In late June, the state government passed a bill it touted as "Australia's toughest firearms laws".

It means new legislation designed to make it harder to access gun licences — including requiring stronger evidence of the need for a firearm — will come into effect from March 2025.

The Nationals WA hosted a forum in Kalgoorlie to discuss issues surrounding the new legislation on Tuesday night.

Kalgoorlie Sporting and Shooting Association president Tony Herron was at the meeting and said the reforms and subsequent media coverage portrayed gun owners as bad people.

"It seems that people are being victimised for being law abiding firearm owners," he said.

"Any firearms [I] own [have] already been approved by the police and the commissioner. They know my storage location, they know my address.

"So, to be portrayed in the media as being criminal … or dangerous for the fact that I own firearms … that's not true."

Complex legislation rushed through

Nationals WA leader Shane Love said the attendance of around 70 people at the meeting showed considerable interest in the issue.

Mr Love labelled the government's engagement with the community a "disgrace" and said many of the submissions people made during the consultation phase were not considered.

Mr Love said the government was trying to create fear among the community.

"What they want to do is to make firearm owners feel [like], and be seen as being, a threat to community safety," he said.

Mr Love told attendees the Nationals had the ability to disallow regulations created under the legislation in the lower house if elected in 2025.

"So if … the lower house, were to disallow them — the regulations — which are yet to be drawn up, then that would put a halt to the implementation of this act," he said.

Police Minister Paul Papalia said there had been a long consultation process, which started in 2014.

"It went through the last term of our government … there was a consultative process driven by a committee in the upper house, then this particular process to rewrite the acts was two and a half years long," he said.

Minister Papalia said the consultation also included town hall meetings, direct meetings with firearms clubs and police, and a consultation paper.

"Then the draft of the legislation was introduced to parliament. It was amended a couple of times in response to things that were brought up on the floor of parliament," he said.

He said all the peak bodies that represent farmers in WA support the legislation.

"They helped write it," he said.

"Primary producers and competitive shooters, really, largely won't be impacted by this legislation."

Still a lot of unknown

Director of Foster and Co Meat and Pest Control Gary Foster was also at the meeting in Kalgoorlie.

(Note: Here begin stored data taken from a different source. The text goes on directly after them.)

Lemma ann_block015 : [/\ q 0 1 5 = 0, q 0 2 6 = 0, q 1 2 3 = 0 & q 3 5 6 = 0].
Proof.
have e1 : q 0 1 5 = q 0 2 6 by ann_instance (0, 0, 1, 6)%N.
have e2 : - q 0 1 5 = q 1 2 3 by ann_instance (1, 0, 1, 3)%N.
have e3 : q 0 2 6 = q 1 2 3 by ann_instance (2, 0, 1, 4)%N.
have e4 : q 1 2 3 = q 3 5 6 by ann_instance (3, 1, 3, 6)%N.
by split; lra.
Qed.

Lemma ann_block016 : [/\ q 0 1 6 = 0, q 0 2 5 = 0, q 1 2 4 = 0 & q 4 5 6 = 0].
Proof.
have e1 : - q 0 1 6 = q 0 2 5 by ann_instance (0, 0, 1, 5)%N.
have e2 : q 0 1 6 = q 1 2 4 by ann_instance (1, 0, 1, 4)%N.
have e3 : q 1 2 4 = q 0 2 5 by ann_instance (2, 0, 1, 3)%N.
have e4 : q 1 2 4 = q 4 5 6 by ann_instance (4, 1, 3, 6)%N.
by split; lra.
Qed.

Lemma ann_block035 : [/\ q 0 3 5 = 0, q 0 4 6 = 0, q 1 3 4 = 0 & q 1 5 6 = 0].
Proof.
have e1 : q 0 3 5 = q 0 4 6 by ann_instance (0, 0, 3, 6)%N.
have e2 : q 1 3 4 = q 0 3 5 by ann_instance (3, 0, 1, 3)%N.
have e3 : q 0 4 6 = - q 1 3 4 by ann_instance (4, 0, 1, 4)%N.
have e4 : - q 1 3 4 = q 1 5 6 by ann_instance (1, 1, 3, 6)%N.
by split; lra.
Qed.

Lemma ann_block036 : [/\ q 0 3 6 = 0, q 0 4 5 = 0, q 2 3 4 = 0 & q 2 5 6 = 0].
Proof.
have e1 : - q 0 3 6 = q 0 4 5 by ann_instance (0, 0, 3, 5)%N.
have e2 : q 0 3 6 = - q 2 3 4 by ann_instance (3, 0, 1, 4)%N.
have e3 : - q 0 4 5 = q 2 3 4 by ann_instance (4, 0, 1, 3)%N.
have e4 : - q 2 3 4 = q 2 5 6 by ann_instance (2, 1, 3, 6)%N.
by split; lra.
Qed.

Lemma ann_block136 : [/\ q 1 3 6 = 0, q 1 4 5 = 0, q 2 3 5 = 0 & q 2 4 6 = 0].
Proof.
have e1 : - q 1 3 6 = q 1 4 5 by ann_instance (1, 0, 3, 5)%N.
have e2 : q 1 3 6 = - q 2 3 5 by ann_instance (3, 0, 1, 5)%N.
have e3 : - q 1 4 5 = q 2 3 5 by ann_instance (5, 0, 1, 3)%N.
have e4 : q 2 3 5 = q 2 4 6 by ann_instance (2, 0, 3, 6)%N.
by split; lra.
Qed.

Lemma ann_phi0_lines :
  [/\ q 0 1 2 = 0, q 0 3 4 = 0, q 0 5 6 = 0, q 1 3 5 = 0
    & [/\ q 1 4 6 = 0, q 2 3 6 = 0 & q 2 4 5 = 0]].
Proof.
have e1 : q 0 1 2 = q 0 3 4 + q 0 5 6 by ann_instance (0, 1, 3, 6)%N.
have e2 : q 1 3 5 = q 0 1 2 + q 1 4 6 by ann_instance (1, 0, 3, 6)%N.
have e3 : - q 0 1 2 = q 2 3 6 + q 2 4 5 by ann_instance (2, 0, 3, 5)%N.
have e4 : q 2 3 6 = q 0 3 4 + q 1 3 5 by ann_instance (3, 0, 1, 6)%N.
have e5 : q 1 4 6 = q 0 3 4 - q 2 4 5 by ann_instance (4, 0, 1, 5)%N.
have e6 : q 0 5 6 = q 2 4 5 - q 1 3 5 by ann_instance (5, 0, 1, 4)%N.
have e7 : q 0 5 6 = q 1 4 6 + q 2 3 6 by ann_instance (6, 0, 1, 3)%N.
by split; [lra..|split; lra].
Qed.

Lemma skew3_annihilated_eq0 a b c :
  (a < b)%N -> (b < c)%N -> (c < 7)%N -> q a b c = 0.
Proof.
have [? ? ? ?] := ann_block013; have [? ? ? ?] := ann_block014.
have [? ? ? ?] := ann_block015; have [? ? ? ?] := ann_block016.
have [? ? ? ?] := ann_block035; have [? ? ? ?] := ann_block036.
have [? ? ? ?] := ann_block136; have [? ? ? ? [? ? ?]] := ann_phi0_lines.
by do 7?[case: c => [|c]]; do 7?[case: b => [|b]]; do 7?[case: a => [|a]] => //; lia.
Qed.

End SplitG2Annihilator.

Section StructureConstants.
Variables (R : realType) (V : vectType R) (br : V -> V -> V) (sp : V -> V -> R).
Variables (phi : V -> V -> V -> R) (f : 7.-tuple V) (c : R).
Hypotheses (br_lie : is_lie_bracket br) (sp_inv : is_invariant_scalar_product br sp).
Hypotheses (phi_tri : trilinear phi) (f_basis : basis_of fullv f).
Hypothesis f_phi : forall i j k : 'I_7, phi (tnth f i) (tnth f j) (tnth f k) = phi0 R i j k.
Hypothesis f_sp : forall i j : 'I_7, sp (tnth f i) (tnth f j) = c * g0 R i j.
Hypothesis ad_phi : ad_annihilates br phi.

Definition struct_const (i j k : nat) : R := sp (br f`_i f`_j) f`_k.

Local Notation Q := struct_const.

Lemma sp_linear_l z : linear (fun x => sp x z : R^o).
Proof. by case: sp_inv => spL _ a x y; rewrite spL. Qed.

Lemma sp_linear_r z : linear (sp z : V -> R^o).
Proof. by case: sp_inv => spL [spC _] a x y; rewrite !(spC z) spL. Qed.

Lemma br_linear_l y : linear (br^~ y).
Proof. by case: br_lie => brL _ a x z; rewrite brL. Qed.

Lemma br_linear_r x : linear (br x).
Proof. by case: br_lie => _ [brR _] a y z; rewrite brR. Qed.

Lemma g0_sqr (m : 'I_7) : g0 R m m * g0 R m m = 1.
Proof. by rewrite /g0 eqxx; case: ifP; rewrite ?mulr1 ?mulrNN ?mulr1. Qed.

Lemma sp_basis_coord w (m : 'I_7) : sp w f`_m = coord f m w * (c * g0 R m m).
Proof.
rewrite {1}(coord_basis f_basis (memvf w)) (linear_fun_sum (sp_linear_l _)).
rewrite (bigD1 m) //= -!(tnth_nth 0) f_sp big1 ?addr0 // => i ne_im.
by rewrite -!(tnth_nth 0) f_sp /g0 (negbTE ne_im) mulr0 scaler0.
Qed.

Lemma scaled_expansion (h : V -> R) : linear (h : V -> R^o) ->
  forall w, c * h w = \sum_(m < 7) g0 R m m * sp w f`_m * h f`_m.
Proof.
move=> h_linear w; rewrite {1}(coord_basis f_basis (memvf w)) (linear_fun_sum h_linear).
rewrite mulr_sumr; apply: eq_bigr => m _; rewrite sp_basis_coord.
have := g0_sqr m; move: (g0 R m m) => g g_sqr.
by rewrite -[LHS]mulr1 -g_sqr /GRing.scale /=; ring.
Qed.

Lemma struct_constN i j k : Q i j k = - Q j i k.
Proof.
have br_anti x y : br x y = - br y x.
  case: br_lie => _ [_ [brA _]]; apply/eqP; rewrite -addr_eq0; apply/eqP.
  have := brA (x + y); rewrite (linear_funD (br_linear_l _)).
  by rewrite !(linear_funD (br_linear_r _)) !brA add0r addr0.
by rewrite /struct_const br_anti (linear_funN (sp_linear_l _)).
Qed.

Lemma struct_constC i j k : Q i j k = Q j k i.
Proof. by case: sp_inv => _ [spC [_ spI]]; rewrite /struct_const spI spC. Qed.

Lemma struct_const_ad_phi0 (i j k l : 'I_7) :
  act3 (fun j m => g0 R m m * Q i j m) (phi0 R) j k l = 0.
Proof.
case: phi_tri => phiL [phiM phiR].
have := congr1 (fun t => c * t) (ad_phi f`_i f`_j f`_k f`_l).
rewrite /= mulr0 !mulrDr => <-; rewrite /act3 !big_split /=.
have phi_f (a b d : 'I_7) : phi f`_a f`_b f`_d = phi0 R a b d by rewrite -!tnth_nth.
congr (_ + _ + _).
- rewrite (@scaled_expansion (fun w => phi w f`_k f`_l)); last by move=> ? ? ?; apply: phiL.
  by apply: eq_bigr => m _; rewrite phi_f.
- rewrite (@scaled_expansion (fun w => phi f`_j w f`_l)); last by move=> ? ? ?; apply: phiM.
  by apply: eq_bigr => m _; rewrite phi_f.
- rewrite (@scaled_expansion (fun w => phi f`_j f`_k w)); last by move=> ? ? ?; apply: phiR.
  by apply: eq_bigr => m _; rewrite phi_f.
Qed.

Lemma struct_const_eq0 (i j k : 'I_7) : Q i j k = 0.
Proof.
have Q_skew := alternating_skew3 struct_constN struct_constC.
have skew_ann (i' j' k' l' : 'I_7) :
    act3 (fun j m => g0 R m m * skew3 Q i' j m) (phi0 R) j' k' l' = 0.
  by rewrite -(struct_const_ad_phi0 i' j' k' l'); apply: eq_act3 => ? ?; rewrite -Q_skew.
rewrite Q_skew; apply: skew3_eq0 (ltn_ord i) (ltn_ord j) (ltn_ord k) => a b d.
exact: skew3_annihilated_eq0.
Qed.

Lemma bracket_eq0 x y : br x y = 0.
Proof.
have br_f (i j : 'I_7) : br f`_i f`_j = 0.
  case: sp_inv => _ [_ [sp_nondeg _]]; apply: sp_nondeg.
  by apply: (linear_fun_eq0_on_basis (sp_linear_r _) f_basis) => k; apply: struct_const_eq0.
apply: (linear_fun_eq0_on_basis (br_linear_l y) f_basis) => i.
by apply: (linear_fun_eq0_on_basis (br_linear_r _) f_basis) => j; apply: br_f.
Qed.

End StructureConstants.

Theorem lemma3p9 (R : realType) (V : vectType R)
  (br : V -> V -> V) (sp : V -> V -> R) :
  \dim (fullv : {vspace V}) = 7%N ->
  is_lie_bracket br ->
  lie_nilpotent br ->
  lie_nonabelian br ->
  is_invariant_scalar_product br sp ->
  has_index_three sp ->
  ~ (exists phi : V -> V -> V -> R,
       trilinear phi /\ g22_compatible sp phi /\ ad_annihilates br phi).
Proof.
move=> _ br_lie _ [x [y /eqP xy_neq0]] sp_inv _.
case=> phi [phi_tri [[f [c [f_basis [_ [f_phi f_sp]]]]] ad_phi]]; apply: xy_neq0.
exact: bracket_eq0 br_lie sp_inv phi_tri f_basis f_phi f_sp ad_phi x y.
Qed.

He said uncertainty around the changes was creating some anxiety for people who might be impacted.

"The number of firearms [allowed under the changes] might not affect my business," Mr Foster said.

"But the reduction in people that are using firearms and having … a shop that's storing or providing sales of ammunition, and bits and pieces that help support our business, that's hugely going to be affected.

"So yeah, I think a lot of people are just a little bit anxious about what could possibly come out."